AMY GOODMAN: The first meeting of Barack Obama and McCain was with an evangelical reverend, Rick Warren, in California, and they talked about evil and good, and they talked. And McCain said he will go to the gates of Hell and back to get Osama bin Laden. Your thoughts?
ANDREW BACEVICH: Well, I’m a conservative, and this is another one of those things that leads me to believe that not only is President Bush not a conservative, but Senator McCain is not, either.
Of course there is evil in the world and there is good in the world, but guess what? Some of the evil is right here. I mean, to view international politics through this lens of good and evil leads you to vastly oversimplify and I think also leads you to make reckless decisions. Bush’s—I do believe President Bush genuinely—not cynically, genuinely—saw Saddam Hussein as evil, and I think he actually genuinely believes that—again, consistent with this notion of American exceptionalism—that we were called upon to bring democracy to Iraq. But what a ludicrous way to view US-Iraqi relations over the past twenty or thirty years, because if you really look at US-Iraqi relations or US policy in the Middle East over the last twenty, thirty, fifty, sixty years, it’s impossible to see the question as simply one of good versus evil. It’s not black and white; it’s grey. And you need to see the world as grey if you’re going to be a sensible statesman.
AMY GOODMAN: Where do you see all this heading? Your last chapter is “The Limits of Power.” Why don’t people on the ground, overwhelmingly opposed to the war, have a say now?

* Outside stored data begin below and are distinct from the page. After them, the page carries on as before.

Lemma rsum_abs f m n : Rabs (rsum f m n) <= rsum (fun i => Rabs (f i)) m n.
Proof.
  unfold rsum; generalize (n - m)%nat as k; intros k; revert m.
  induction k as [|k IH]; intros m; simpl.
  - rewrite Rabs_R0; lra.
  - eapply Rle_trans; [apply Rabs_triang|]. specialize (IH (S m)). lra.
Qed.

Lemma rsum_mono_range f m n p : (n <= p)%nat -> (forall i, (m <= i < p)%nat -> 0 <= f i) ->
  rsum f m n <= rsum f m p.
Proof.
  intros Hnp Hf. destruct (Nat.le_gt_cases m n).
  - rewrite (rsum_split f m n p) by lia.
    assert (0 <= rsum f n p) by (apply rsum_nonneg; intros; apply Hf; lia). lra.
  - rewrite (rsum_empty f m n) by lia. apply rsum_nonneg; auto.
Qed.

(** Convexity on the whole real line; the approximating functions are built
    from affine functions and hinges [s |-> max 0 (s - c)] with nonnegative
    coefficients, so they are convex on R. *)
Definition convex_R (f : R -> R) : Prop := forall x y lam, 0 <= lam <= 1 ->
  f (lam * x + (1 - lam) * y) <= lam * f x + (1 - lam) * f y.

Lemma convex_R_affine a b : convex_R (fun s => a + b * s).
Proof. intros x y lam _. apply Req_le; ring. Qed.

Lemma convex_R_hinge c : convex_R (fun s => Rmax 0 (s - c)).
Proof.
  intros x y lam Hl. apply Rmax_lub.
  - assert (0 <= lam * Rmax 0 (x - c)) by (apply Rmult_le_pos; [lra | apply Rmax_l]).
    assert (0 <= (1 - lam) * Rmax 0 (y - c)) by (apply Rmult_le_pos; [lra | apply Rmax_l]).
    lra.
  - assert (lam * (x - c) <= lam * Rmax 0 (x - c)) by (apply Rmult_le_compat_l; [lra | apply Rmax_r]).
    assert ((1 - lam) * (y - c) <= (1 - lam) * Rmax 0 (y - c))
      by (apply Rmult_le_compat_l; [lra | apply Rmax_r]).
    nra.
Qed.

Lemma convex_R_scal c f : 0 <= c -> convex_R f -> convex_R (fun s => c * f s).
Proof.
  intros Hc Hf x y lam Hl. specialize (Hf x y lam Hl).
  apply Rmult_le_compat_l with (r := c) in Hf; auto. lra.
Qed.

Lemma convex_R_plus f g : convex_R f -> convex_R g -> convex_R (fun s => f s + g s).
Proof. intros Hf Hg x y lam Hl. specialize (Hf x y lam Hl). specialize (Hg x y lam Hl). lra. Qed.

Lemma convex_R_rsum F m n : (forall k, convex_R (F k)) -> convex_R (fun s => rsum (fun k => F k s) m n).
Proof.
  intros HF. induction n as [|n IH]; intros x y lam Hl.
  - rewrite !rsum_empty by lia. lra.
  - destruct (Nat.le_gt_cases m n).
    + rewrite !rsum_last by lia.
      specialize (IH x y lam Hl). specialize (HF n x y lam Hl). simpl in *. lra.
    + rewrite !rsum_empty by lia. lra.
Qed.

Lemma hinge_lipschitz c x y : Rabs (Rmax 0 (x - c) - Rmax 0 (y - c)) <= Rabs (x - y).
Proof. unfold Rmax; repeat destruct Rle_dec; unfold Rabs; repeat destruct Rcase_abs; lra. Qed.

Lemma hinge_sum_lipschitz (c t : nat -> R) m n x y :
  Rabs (rsum (fun k => c k * Rmax 0 (x - t k)) m n - rsum (fun k => c k * Rmax 0 (y - t k)) m n)
  <= rsum (fun k => Rabs (c k)) m n * Rabs (x - y).
Proof.
  rewrite rsum_sub. eapply Rle_trans; [apply rsum_abs|].
  rewrite Rmult_comm, <- rsum_scal. apply rsum_le. intros i _.
  rewrite <- Rmult_minus_distr_l, Rabs_mult, Rmult_comm.
  apply Rmult_le_compat_r; [apply Rabs_pos | apply hinge_lipschitz].
Qed.

Section Grid.
Variables (L : R) (n : nat).
Hypotheses (HL : 0 < L) (Hn : (1 <= n)%nat).

Definition mesh : R := L / INR n.
Definition node (k : nat) : R := INR k * mesh.

Lemma mesh_pos : 0 < mesh.
Proof. unfold mesh. apply Rdiv_lt_0_compat; auto. apply lt_0_INR; lia. Qed.

Lemma node_0 : node 0 = 0.
Proof. unfold node; simpl; ring. Qed.

Lemma node_S k : node (S k) = node k + mesh.
Proof. unfold node; rewrite S_INR; ring. Qed.

Lemma node_n : node n = L.
Proof. unfold node, mesh. field. apply not_0_INR; lia. Qed.

Lemma node_le k k' : (k <= k')%nat -> node k <= node k'.
Proof.
  intros Hk. unfold node. apply Rmult_le_compat_r; [left; apply mesh_pos | apply le_INR; auto].
Qed.

Lemma node_nonneg k : 0 <= node k.
Proof. rewrite <- node_0 at 1. apply node_le; lia. Qed.

Lemma cell_in_range k : (k < n)%nat -> 0 <= node k /\ node (S k) <= L.
Proof.
  intros Hk. split; [apply node_nonneg | rewrite <- node_n; apply node_le; lia].
Qed.

Lemma node_partition : partition 0 L node n.
Proof.
  split; [auto | split; [apply node_0 | split; [apply node_n |]]].
  intros i _. rewrite node_S. assert (H := mesh_pos). lra.
Qed.

Lemma locate_cell s : 0 <= s <= L -> exists j, (j < n)%nat /\ node j <= s <= node (S j).
Proof.
  intros Hs. rewrite <- node_n in Hs.
  assert (Gen : forall m, (1 <= m)%nat -> s <= node m -> exists j, (j < m)%nat /\ node j <= s <= node (S j)).
  { induction m as [|m IH]; intros Hm Hsm; [lia|].
    destruct (Rle_dec (node m) s).
    - exists m; split; [lia | lra].
    - destruct m as [|m]; [rewrite node_0 in *; lra|].
      destruct IH as [j [Hj1 Hj2]]; [lia | lra |]. exists j; split; [lia | lra]. }
  apply Gen; [lia | lra].
Qed.

End Grid.

(** The piecewise linear interpolation of [h] on the grid, written with hinges
    at the interior nodes: its coefficients are the jumps of the slopes.
    Splitting the jumps into positive and negative parts writes it as the
    difference of two convex functions [interp_plus - interp_minus]. *)
Section Interpolation.
Variables (h : R -> R) (L : R) (n : nat).
Hypotheses (HL : 0 < L) (Hn : (1 <= n)%nat).

Definition slope (k : nat) : R := (h (node L n (S k)) - h (node L n k)) / mesh L n.
Definition jump (k : nat) : R := slope k - slope (pred k).

Definition interp (s : R) : R :=
  h 0 + slope 0 * s + rsum (fun k => jump k * Rmax 0 (s - node L n k)) 1 n.
Definition interp_plus (s : R) : R :=
  h 0 + slope 0 * s + rsum (fun k => Rmax 0 (jump k) * Rmax 0 (s - node L n k)) 1 n.
Definition interp_minus (s : R) : R :=
  rsum (fun k => Rmax 0 (- jump k) * Rmax 0 (s - node L n k)) 1 n.

Lemma interp_plus_minus s : interp_plus s - interp_minus s = interp s.
Proof.
  unfold interp_plus, interp_minus, interp.
  assert (E : forall d, Rmax 0 d - Rmax 0 (- d) = d) by (intros d; unfold Rmax; repeat destruct Rle_dec; lra).
  enough (rsum (fun k => Rmax 0 (jump k) * Rmax 0 (s - node L n k)) 1 n
    - rsum (fun k => Rmax 0 (- jump k) * Rmax 0 (s - node L n k)) 1 n
    = rsum (fun k => jump k * Rmax 0 (s - node L n k)) 1 n) by lra.
  rewrite rsum_sub. apply rsum_ext. intros i _. rewrite <- Rmult_minus_distr_r, E. reflexivity.
Qed.

Lemma interp_plus_convex : convex_R interp_plus.
Proof.
  apply convex_R_plus; [apply convex_R_affine|].
  apply (convex_R_rsum (fun k s => Rmax 0 (jump k) * Rmax 0 (s - node L n k))).
  intros k. apply convex_R_scal; [apply Rmax_l | apply convex_R_hinge].
Qed.

Lemma interp_minus_convex : convex_R interp_minus.
Proof.
  apply (convex_R_rsum (fun k s => Rmax 0 (- jump k) * Rmax 0 (s - node L n k))).
  intros k. apply convex_R_scal; [apply Rmax_l | apply convex_R_hinge].
Qed.

Lemma hinges_at_0 (c : nat -> R) : rsum (fun k => c k * Rmax 0 (0 - node L n k)) 1 n = 0.
Proof.
  transitivity (rsum (fun _ => 0) 1 n); [| apply rsum_zero]. apply rsum_ext. intros i _.
  assert (0 <= node L n i) by (apply node_nonneg; auto).
  replace (Rmax 0 (0 - node L n i)) with 0 by (unfold Rmax; destruct Rle_dec; lra). ring.
Qed.

Lemma interp_plus_0 : interp_plus 0 = h 0.
Proof. unfold interp_plus. rewrite hinges_at_0. ring. Qed.

Lemma interp_minus_0 : interp_minus 0 = 0.
Proof. apply hinges_at_0. Qed.

Lemma interp_on_cell j s : (j < n)%nat -> node L n j <= s <= node L n (S j) ->
  interp s = h (node L n j) + slope j * (s - node L n j).
Proof.
  intros Hj Hs. assert (Hd := mesh_pos L n HL Hn).
  unfold interp. rewrite (rsum_split _ 1 (S j) n) by lia.
  rewrite (rsum_ext _ (fun _ => 0) (S j) n), rsum_zero, Rplus_0_r.
  2:{ intros i Hi. assert (node L n (S j) <= node L n i) by (apply node_le; auto; lia).
      replace (Rmax 0 (s - node L n i)) with 0 by (unfold Rmax; destruct Rle_dec; lra). ring. }
  rewrite (rsum_ext _ (fun k => jump k * (s - node L n k)) 1 (S j)).
  2:{ intros i Hi. assert (node L n i <= node L n j) by (apply node_le; auto; lia).
      replace (Rmax 0 (s - node L n i)) with (s - node L n i) by (unfold Rmax; destruct Rle_dec; lra).
      reflexivity. }
  clear Hj Hs. induction j as [|j IH].
  - rewrite rsum_empty by lia. rewrite node_0. ring.
  - rewrite rsum_last by lia. rewrite <- Rplus_assoc, IH. unfold jump, slope. simpl pred.
    rewrite (node_S L n (S j)), (node_S L n j). field. lra.
Qed.

Section Lipschitz.
Hypothesis h_lip : forall x y, 0 <= x <= L -> 0 <= y <= L -> Rabs (h x - h y) <= Rabs (x - y).

Lemma slope_bound k : (k < n)%nat -> Rabs (slope k) <= 1.
Proof.
  intros Hk. assert (Hd := mesh_pos L n HL Hn).
  destruct (cell_in_range L n HL Hn k Hk) as [H0 H1]. assert (HS := node_S L n k).
  unfold slope, Rdiv. rewrite Rabs_mult, Rabs_inv, (Rabs_right (mesh L n)) by lra.
  apply (Rmult_le_reg_r (mesh L n)); auto. rewrite Rmult_assoc, Rinv_l, Rmult_1_r, Rmult_1_l by lra.
  eapply Rle_trans; [apply h_lip; lra|]. rewrite Rabs_right; lra.
Qed.

Lemma interp_error s : 0 <= s <= L -> Rabs (interp s - h s) <= 2 * mesh L n.
Proof.
  intros Hs. assert (Hd := mesh_pos L n HL Hn).
  destruct (locate_cell L n Hn s Hs) as [j [Hj Hjs]].
  destruct (cell_in_range L n HL Hn j Hj) as [H0 H1]. assert (HS := node_S L n j).
  rewrite (interp_on_cell j s Hj Hjs).
  assert (E1 : Rabs (h (node L n j) - h s) <= mesh L n).
  { eapply Rle_trans; [apply h_lip; lra|]. rewrite Rabs_left1; lra. }
  assert (E2 : Rabs (slope j * (s - node L n j)) <= mesh L n).
  { rewrite Rabs_mult, (Rabs_right (s - _)) by lra.
    assert (Hsl := slope_bound j Hj). nra. }
  replace (h (node L n j) + slope j * (s - node L n j) - h s)
    with ((h (node L n j) - h s) + slope j * (s - node L n j)) by ring.
  eapply Rle_trans; [apply Rabs_triang | lra].
Qed.

Variable C : R.
Hypothesis jumps_le : rsum (fun k => Rabs (jump k)) 1 n <= C.

Lemma pos_part_abs d : Rabs (Rmax 0 d) <= Rabs d.
Proof. unfold Rmax; destruct Rle_dec; unfold Rabs; repeat destruct Rcase_abs; lra. Qed.

Lemma interp_plus_lipschitz x y : Rabs (interp_plus x - interp_plus y) <= (1 + C) * Rabs (x - y).
Proof.
  unfold interp_plus.
  assert (H1 := hinge_sum_lipschitz (fun k => Rmax 0 (jump k)) (node L n) 1 n x y).
  assert (H2 : rsum (fun k => Rabs (Rmax 0 (jump k))) 1 n <= C).
  { eapply Rle_trans; [| apply jumps_le]. apply rsum_le. intros; apply pos_part_abs. }
  assert (H3 : Rabs (slope 0 * x - slope 0 * y) <= Rabs (x - y)).
  { rewrite <- Rmult_minus_distr_l, Rabs_mult.
    assert (Hs := slope_bound 0 ltac:(lia)). assert (Hp := Rabs_pos (x - y)). nra. }
  assert (Hp := Rabs_pos (x - y)).
  assert (H4 : rsum (fun k => Rabs (Rmax 0 (jump k))) 1 n * Rabs (x - y) <= C * Rabs (x - y))
    by (apply Rmult_le_compat_r; lra).
  match goal with |- Rabs (?a + ?b + ?c - (?a + ?d + ?e)) <= _ =>
    replace (a + b + c - (a + d + e)) with ((b - d) + (c - e)) by ring end.
  eapply Rle_trans; [apply Rabs_triang | simpl in H1; lra].
Qed.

ANDREW BACEVICH: Well, I think we have. Again, I don’t mean to make this as a statement that applies to 100 percent of the American people, but I think the great majority of us basically have allowed ourselves to become seduced by this culture of consumption, of not taking seriously the notion that someday the bills come due, that you can’t simply run up a line of credit that stretches from here to infinity. We don’t want to look ourselves in the mirror. We don’t want to recognize the need to make some changes in the way we live.
AMY GOODMAN: Do you see the end of American empire?
ANDREW BACEVICH: Yes, I do. And I think the key question is, will the American empire end catastrophically because of our blind insistence that we will not change? Or will we be able to disengage ourselves from and dismantle the American empire in a sensible, reasonable way that will do the least damage to the world and the least damage to ourselves?
AMY GOODMAN: Andrew Bacevich, I want to thank you very much for being with us. His book is The Limits of Power: The End of American Exceptionalism.